Всем известно, что Блуму удалось добиться своего. Весы Мессбауэра, по мере того как повышалась напряженность электромагнитного поля, фиксировали постепенное — уменьшение тяжести. Когда красная стрелка шагнула за отметку 0,52 g, раздались аплодисменты.
— Если вы помните, — уверенным голосом сказал Блум, — 0,52 g — рекордное достижение предыдущего эксперимента. Но, по сути дела, мы уже превзошли это достижение, если учесть расход энергии, который составляет менее десяти процентов аналогичных затрат предыдущего эксперимента. А теперь мы пойдем дальше.
Блум — я думаю, умышленно, чтобы сделать напряженное ожидание еще более волнующим, — замедлил продвижение стрелки к концу шкалы, и стереотелекамеры заметались в выборе объекта между отверстием в столе и счетчиками, наглядно воспроизводившими показания весов Мессбауэра.
— Джентльмены! В сумке, по правую руку на каждом кресле, вы найдете черные защитные очки. Пожалуйста, наденьте их. Как только будет создана антигравитация, возникнет свечение, сопровождающееся интенсивным ультрафиолетовым излучением.
Он надел очки, и тут же в зале послышалось легкое шуршание: остальные последовали примеру Блума.
Последнюю минуту, пока красная стрелка медленно подбиралась к нулю, все сидели затаив дыхание. Стрелка замерла, и в ту же секунду между полюсами магнита вспыхнул световой цилиндр.
Двадцать человек одновременно перевели дыхание.
— Мистер Блум, чем вызвано свечение?
— Это характерно для нулевой гравитации, — спокойно сказал Блум, что, конечно, не было удовлетворительным ответом.
Репортеры уже вскочили со своих мест и толпились вокруг стола. Блум замахал на них руками.
— Джентльмены, станьте подальше!
И только Присс продолжал сидеть в своем кресле. По-видимому, он полностью ушел в себя, в собственные мысли, и, я совершенно уверен, за черными очками уже таилась возможность того, что произошло потом. Я не видел выражения его глаз. Не мог видеть. Но кому в этот момент было дело до того, что созревало там, за этими очками, в голове Присса? Впрочем, и не будь очков, мы бы все равно не догадались, хотя кто может это знать наверняка?
Блум снова возвысил голос:
— Внимание! Демонстрация еще не кончилась. До сих пор мы только повторяли то, что уже делалось мною раньше. Я доказал возможность получения нулевой гравитации и показал, как это сделать практически. А теперь я хочу продемонстрировать вам одну из возможностей применения нулевой гравитации. То, что мы сейчас увидим, еще никогда и никому — в том числе и мне — не приходилось видеть. Я не проводил экспериментов в этом направлении, как мне того ни хотелось, ибо считал, что честь это сделать по праву принадлежит профессору Приссу.
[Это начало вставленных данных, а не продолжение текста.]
Section WeakCutVertex.
Variables (G : graph T) (v w u : T) (M1 M0 : {set {set T}}).
Hypotheses (simpleG : simple_graph G) (vwG : [set v; w] \in edges G).
Hypotheses (vuG : [set v; u] \in edges G).
Hypotheses (not_wu : ~~ connect (adj (del_vertex G v)) w u).
Hypotheses (maxM1 : maximal_matching (del_vertex G v) M1) (unsat_w : ~ saturates M1 w).
Hypotheses (maxM0 : maximal_matching G M0) (unsat_v : ~ saturates M0 v).

Let C := [set y | connect (adj (del_vertex G v)) w y].

Let clC : edge_closed (del_vertex G v) C.
Proof. exact: edge_closed_connect (simple_graph_del_verts (S := [set v]) simpleG). Qed.

Let wC : w \in C.
Proof. by rewrite inE connect0. Qed.

Let uC : u \notin C.
Proof. by rewrite inE. Qed.

Let sub1_set2 (x : T) : [set v] \subset [set v; x].
Proof. by rewrite sub1set set21. Qed.

Let maxM0v : maximal_matching (del_vertex G v) M0.
Proof.
apply: maximal_matching_subgraph (edges_del_verts_sub G _) maxM0 _.
exact: matching_del_vertex_unsat maxM0.1 unsat_v.
Qed.

Let matching_inside_del_u M :
  matching (del_vertex G v) M -> matching (del_verts G [set v; u]) (M :&: powerset C).
Proof.
move=> [sM disM]; split=> [|e1 e2 /setIP[e1M _] /setIP[e2M _]]; last exact: disM.
apply/subsetP=> f /setIP[/(subsetP sM)]; rewrite powersetE in_edges_del_vertex.
rewrite in_edges_del_verts disjoint_set2 => /andP[-> ->] fC /=.
exact: contra (subsetP fC u) uC.
Qed.

Let maximal_splice_vw : exists2 X, maximal_matching G X &
  #|X| = (#|M1 :&: powerset C| + #|M0 :\: powerset C|).+1.
Proof.
have maxN := maximal_matching_splice clC maxM1 maxM0v.
have mN : matching (del_verts G [set v; w]) (splice C M1 M0).
  split; last exact: maxN.1.2.
  apply/subsetP=> f fN; rewrite in_edges_del_verts disjoint_set2.
  have fGv := subsetP maxN.1.1 f fN; move: (fGv); rewrite in_edges_del_vertex.
  case/andP=> -> -> /=; move: fN; rewrite !inE => /orP[/andP[fM1 _] | /andP[fC _]].
    exact: not_saturates unsat_w fM1.
  by rewrite (disjointFl (edge_closed_disjointC clC fGv fC) wC).
exists ([set v; w] |: splice C M1 M0).
  apply: maximal_matching_setU1_del_verts (set21 v w) vwG _.
  exact: maximal_matching_subgraph (edges_del_vertsS G (sub1_set2 w)) maxN mN.
by rewrite (card_setU1_del_verts (set21 v w) mN) card_splice.
Qed.

Let maximal_extension_vu : exists2 N, matching (del_verts G [set v; u]) N & exists2 X,
  maximal_matching G X & #|X| = (#|M1 :&: powerset C| + #|N :\: powerset C|).+1.
Proof.
have mK := matching_inside_del_u maxM1.1.
have [X maxX sKX] := maximal_matching_exists (matching_setU1_del_verts vuG mK).
have vuX : [set v; u] \in X by apply: (subsetP sKX); rewrite setU11.
have mN := matching_setD1_del_verts maxX.1 vuX.
exists (X :\ [set v; u]) => //; exists X => //.
have sKN : M1 :&: powerset C \subset X :\ [set v; u].
  apply/subsetP=> g gK; rewrite in_setD1 (subsetP sKX) ?setU1r // andbT.
  by apply: contraNneq (notin_matching_del_verts (set21 v u) mK) => <-.
have inside_eq :=
  maximal_matching_inside clC maxM1 (edges_del_vertsS G (sub1_set2 u)) mN sKN.
by rewrite (cardsD1 [set v; u] X) vuX -(cardsID (powerset C) (X :\ _)) inside_eq.
Qed.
Присс резко взглянул на него.
— Сделать что? — переспросил он.
— Профессор Присс, — сказал Блум, широко улыбаясь, — я бы хотел, чтобы вы осуществили первый эксперимент, цель которого установить результат взаимодействия твердого тела с антигравитационным полем. Прошу всех обратить внимание на то, где находится зона нулевой гравитации — посреди бильярдного стола. Всему миру, профессор, известно ваше феноменальное мастерство игры в бильярд — талант, который уступает разве что вашим же поразительным способностям в области теоретической физики. Прошу вас пробить шар так, чтобы он пересек зону нулевой гравитации.
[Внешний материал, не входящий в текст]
Section Polyhedral.
Context {R : realType} (n m p : nat) (a : 'I_m -> 'rV[R]_n) (X : set 'rV[R]_n)
  (beta : 'I_m) (C : 'I_p -> 'rV[R]_n) (d : 'I_p -> R).
Hypothesis XE : X = [set x | forall j, dotv (C j) x <= d j].
Hypothesis X0 : X !=set0.
Local Notation NB := (@Nbeta R m beta).
Local Notation P := (Pset X a beta).
Local Notation negAmap := (negAmap a).

Lemma circuit_argmax nu : X_circuit X a beta nu -> exists x0, argmax X (negAmap nu) x0.
Proof.
case=> _ _ fin _; have [x1 hx1] := X0; have [M hM] := supp_fun_bounded hx1 fin.
rewrite XE in hx1 hM *; have [x0 hx0 m1] := lp_attain (ex_intro _ x1 hx1) hM.
by exists x0.
Qed.

(* Otherwise take w in it off the ray; for small e > 0 both nu + e w and nu - e w
   lie in N_beta and are maximized at -A^T x0 (by lexicographic perturbation),
   so sigma is affine on the non-degenerate segment between them. *)
Lemma circuit_normal_cone nu : X_circuit X a beta nu ->
  normal_cone P (argmax P nu) = cone1 nu.
Proof.
move=> circ; have [Nn n0 _ nodec] := circ; have [x0 hx0] := circuit_argmax circ.
apply/seteqP; split=> [w hw|]; last exact: cone1_sub_normal_cone.
apply: contrapT => wray.
have [Nw supp wx0 wconst] := normal_cone_argmax_Pset Nn hx0 hw.
have [eL eL0 HL] : exists2 eL, 0 < eL & forall e, 0 < e <= eL ->
    argmax X (negAmap (nu - e *: w)) x0.
  move: hx0 wx0 wconst; rewrite XE => -[hx0 m1] [_ m2] wconst.
  have h12 x : in_poly C d x -> dotv (negAmap nu) x = dotv (negAmap nu) x0 ->
      dotv (negAmap w) x0 <= dotv (negAmap w) x.
    by move=> hx e; rewrite (wconst x) //; split=> // x' hx'; rewrite e; exact: m1.
  have [eL eL0 HL] := lp_lex_perturb hx0 m1 m2 h12.
  by exists eL => // e he; split=> // x hx; rewrite negAmap_linB; exact: HL.
have [del del0 Hdel] := Nbeta_perturb Nn Nw supp.
pose e := Num.min eL del.
have e0 : 0 < e by rewrite lt_min eL0 del0.
have N1 : NB (nu + e *: w) by apply: Nbeta_add Nn (Nbeta_scale Nw (ltW e0)).
have N2 : NB (nu - e *: w) by apply: Hdel; rewrite e0 ge_min lexx orbT.
have x0max1 : argmax X (negAmap (nu + e *: w)) x0.
  split=> [|x hx]; first exact: hx0.1.
  rewrite negAmap_lin !dotvDl !dotvZl.
  by have := hx0.2 x hx; have := wx0.2 x hx; nra.
have x0max2 : argmax X (negAmap (nu - e *: w)) x0.
  by apply: HL; rewrite e0 ge_min lexx.
apply: nodec; exists (nu + e *: w), (nu - e *: w), (1 / 2); split=> //.
- have e_neq0 : e != 0 by rewrite gt_eqF.
  move=> [c [h|h]]; first exact: (split_not_proportional Nn n0 Nw wray e_neq0 h).
  apply: (split_not_proportional Nn n0 Nw wray (s := - e) (c := c)).
    by rewrite oppr_eq0.
  by rewrite scaleNr opprK.
- by apply/andP; split; lra.
- by apply/rowP => i; rewrite !mxE; lra.
- exact: affine_common_argmax N1 N2 (argmax_Pset0 N1 x0max1) (argmax_Pset0 N2 x0max2).
Qed.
И он нетерпеливо протянул профессору кий и шар. Глаза Присса, невидимые под защитными очками, уставились на оба предмета, затем он медленно, очень неуверенно взял их в руки.
Хотел бы я знать, что в этот момент выражали его глаза. И еще, в какой мере решение заставить Присса «сыграть» в бильярд было вызвано обидой Блума, нанесенной ему заявлением Присса — тем самым, которое я уже приводил. И нет ли и моей доли вины в том, что произошло через несколько минут?
— Пожалуйста, профессор, подойдите к столу и уступите мне ваше место. С этой минуты эксперимент проводите вы. Действуйте!
Блум сел в кресло, но продолжал говорить, и голос его с каждым мгновением все больше походил на орган.
— Как только бильярдный шар попадет в зону нулевой гравитации, он тотчас окажется вне действия гравитационного поля Земли. Он останется неподвижным, в то время как Земля продолжит свое вращение вокруг оси и вокруг Солнца. На нашей широте в это время суток — мною проделаны соответствующие расчеты — Земля, если можно так выразиться, уйдет вниз из-под шара. Мы будем двигаться вместе с Землей, шар останется в той же точке пространства. Нам покажется, что шар подскочит вверх. Внимание!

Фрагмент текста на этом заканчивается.